Look, many of the basic blocking and tackling of cybersecurity is really quite inexpensive and easy to do. Build sound policies, undertake security awareness training, use two-factor authentication, have an incident response plan in place – these are all measures that are relatively straightforward to implement.
__Does your organization use log and metrics data to improve and secure your systems? How do you find managing logs assists your day-to-day work? __
Yes, implementing and reviewing such metrics is a critical element of keeping our consulting practices - and our client's systems - safe and secure. The process can be time-consuming, to say the least, so it's important to find that balance, which is one of the key factors we discuss when working with clients.
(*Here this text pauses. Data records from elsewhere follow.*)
(* (i) With respect to each of the classes $\mathcal{M}^{prob}$, $\mathcal{M}^{bel}$ and $\mathcal{M}^{poss}$, the languages $\mathcal{L}^E$ and $\mathcal{L}^{QU}$ are equally expressive: every formula of either language is equivalent (true in exactly the same structures of the class) to some formula of the other. (ii) With respect to $\mathcal{M}^{lp}$, $\mathcal{L}^E$ is strictly more expressive than $\mathcal{L}^{QU}$: every formula of $\mathcal{L}^{QU}$ is equivalent over $\mathcal{M}^{lp}$ to a formula of $\mathcal{L}^E$, but some formula of $\mathcal{L}^E$ (e.g. $e(p+q)>1/2$, suitably written with integer coefficients) is not equivalent over $\mathcal{M}^{lp}$ to any formula of $\mathcal{L}^{QU}$.
   Context: Fix a set $\Phi_0$ of primitive propositions. Propositional formulas are built from $\Phi_0$ by $\neg,\wedge$ (other connectives abbreviations); $\mathit{true}$ is a tautology and $\mathit{false}=\neg\mathit{true}$. A propositional gamble is an expression $b_1\phi_1+\cdots+b_n\phi_n$ ($b_i$ integers, $\phi_i$ propositional formulas); sums and integer multiples of propositional gambles are formed termwise and $\phi$ is identified with $1\phi$. $\mathcal{L}^E$: Boolean combinations of expectation inequalities $a_1e(\gamma_1)+\cdots+a_ke(\gamma_k)\ge b$ (integers $a_i,b$, propositional gambles $\gamma_i$). $\mathcal{L}^{QU}$: Boolean combinations of likelihood inequalities $a_1\ell(\phi_1)+\cdots+a_k\ell(\phi_k)\ge b$ (integers $a_i,b$, propositional formulas $\phi_i$). Abbreviations: $t\le b$ is $-t\ge -b$, $t>b$ is $\neg(t\le b)$, $t<b$ is $-t>-b$, $t=b$ is $t\ge b\wedge t\le b$. Structures: a probability structure $M=(W,\mathcal F,\mu,\pi)$ ($W$ nonempty set, $\mathcal F$ an algebra on $W$, $\mu$ a probability measure on $\mathcal F$, $\pi$ assigns each world a truth assignment to $\Phi_0$ with each $\{w:\pi(w)(p)=\text{true}\}\in\mathcal F$); a lower probability structure $(W,\mathcal F,\mathcal P,\pi)$ likewise with a set $\mathcal P$ of probability measures on $\mathcal F$; a belief structure $(W,\mathrm{Bel},\pi)$ with a belief function on $W$; a possibility structure $(W,\mathrm{Poss},\pi)$ with a possibility measure on $W$. $\mathcal M^{prob},\mathcal M^{lp},\mathcal M^{bel},\mathcal M^{poss}$ denote these classes. $[\![\phi]\!]_M$ is the set of worlds satisfying $\phi$; $[\![b_1\phi_1+\cdots+b_n\phi_n]\!]_M=\sum_ib_iX_{[\![\phi_i]\!]_M}$ ($X_U$ the indicator of $U$). For a finite-range gamble $X$ with values $x_1<\cdots<x_n$ and set function $\nu$, $C_\nu(X)=x_1+\sum_{i<n}(x_{i+1}-x_i)\nu(X>x_i)$. Semantics: $M\models\sum a_ie(\gamma_i)\ge b$ iff $\sum a_iE(\,[\![\gamma_i]\!]_M)\ge b$, where $E$ is $E_\mu$ (ordinary expectation), $\underline E_{\mathcal P}(X)=\inf_{\mu\in\mathcal P}E_\mu(X)$, $C_{\mathrm{Bel}}$, or $C_{\mathrm{Poss}}$ respectively; $M\models\sum a_i\ell(\phi_i)\ge b$ iff $\sum a_i\nu([\![\phi_i]\!]_M)\ge b$ where $\nu$ is $\mu$, $\mathcal P_*(U)=\inf_{\mu\in\mathcal P}\mu(U)$, $\mathrm{Bel}$, or $\mathrm{Poss}$ respectively. Boolean connectives are interpreted classically. Belief functions: $\mathrm{Bel}:2^W\to[0,1]$, $\mathrm{Bel}(\emptyset)=0$, $\mathrm{Bel}(W)=1$, $\mathrm{Bel}(\bigcup_{i=1}^nU_i)\ge\sum_{\emptyset\ne I\subseteq\{1..n\}}(-1)^{|I|+1}\mathrm{Bel}(\bigcap_{j\in I}U_j)$. Possibility measures: $\mathrm{Poss}(\emptyset)=0$, $\mathrm{Poss}(W)=1$, $\mathrm{Poss}(U\cup V)=\max(\mathrm{Poss}(U),\mathrm{Poss}(V))$. *)

From Stdlib Require Import Reals List ZArith Sorting.Sorted ClassicalEpsilon.
Import ListNotations.
Set Implicit Arguments.
Open Scope R_scope.

Section Syntax.
Variable P : Type.

Inductive form : Type :=
| Prim : P -> form
| Neg : form -> form
| Conj : form -> form -> form.

(* propositional gamble b1 phi1 + ... + bn phin *)
Definition gamble : Type := list (Z * form).

(* L^E : Boolean combinations of  a1 e(g1) + ... + ak e(gk) >= b *)
Inductive eform : Type :=
| EGe : list (Z * gamble) -> Z -> eform
| ENot : eform -> eform
| EAnd : eform -> eform -> eform.

(* L^QU : Boolean combinations of  a1 l(phi1) + ... + ak l(phik) >= b *)
Inductive qform : Type :=
| QGe : list (Z * form) -> Z -> qform
| QNot : qform -> qform
| QAnd : qform -> qform -> qform.
End Syntax.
You must take a risk-based approach to cybersecurity, measuring what's important, what's not, and then monitoring accordingly.
__Are there any books, blogs, or other resources that you highly recommend? __
Yes! my book, "Blindsided" will debut in Q2 of 2022. It covers a wide range of national security and cybersecurity issues.
Would you like to share any cybersecurity forecasts or predictions of your own with our readers?
While the hackers will continue to see success, the good news is that next-generation security tools are fast coming to market, giving organizations an arsenal of defence mechanisms to protect their systems.
But more important than anything, and something I mentioned earlier, basic cyber hygiene and best practices don’t have to "break the bank", and organizations, now more than ever, need to find that viable path regarding cybersecurity.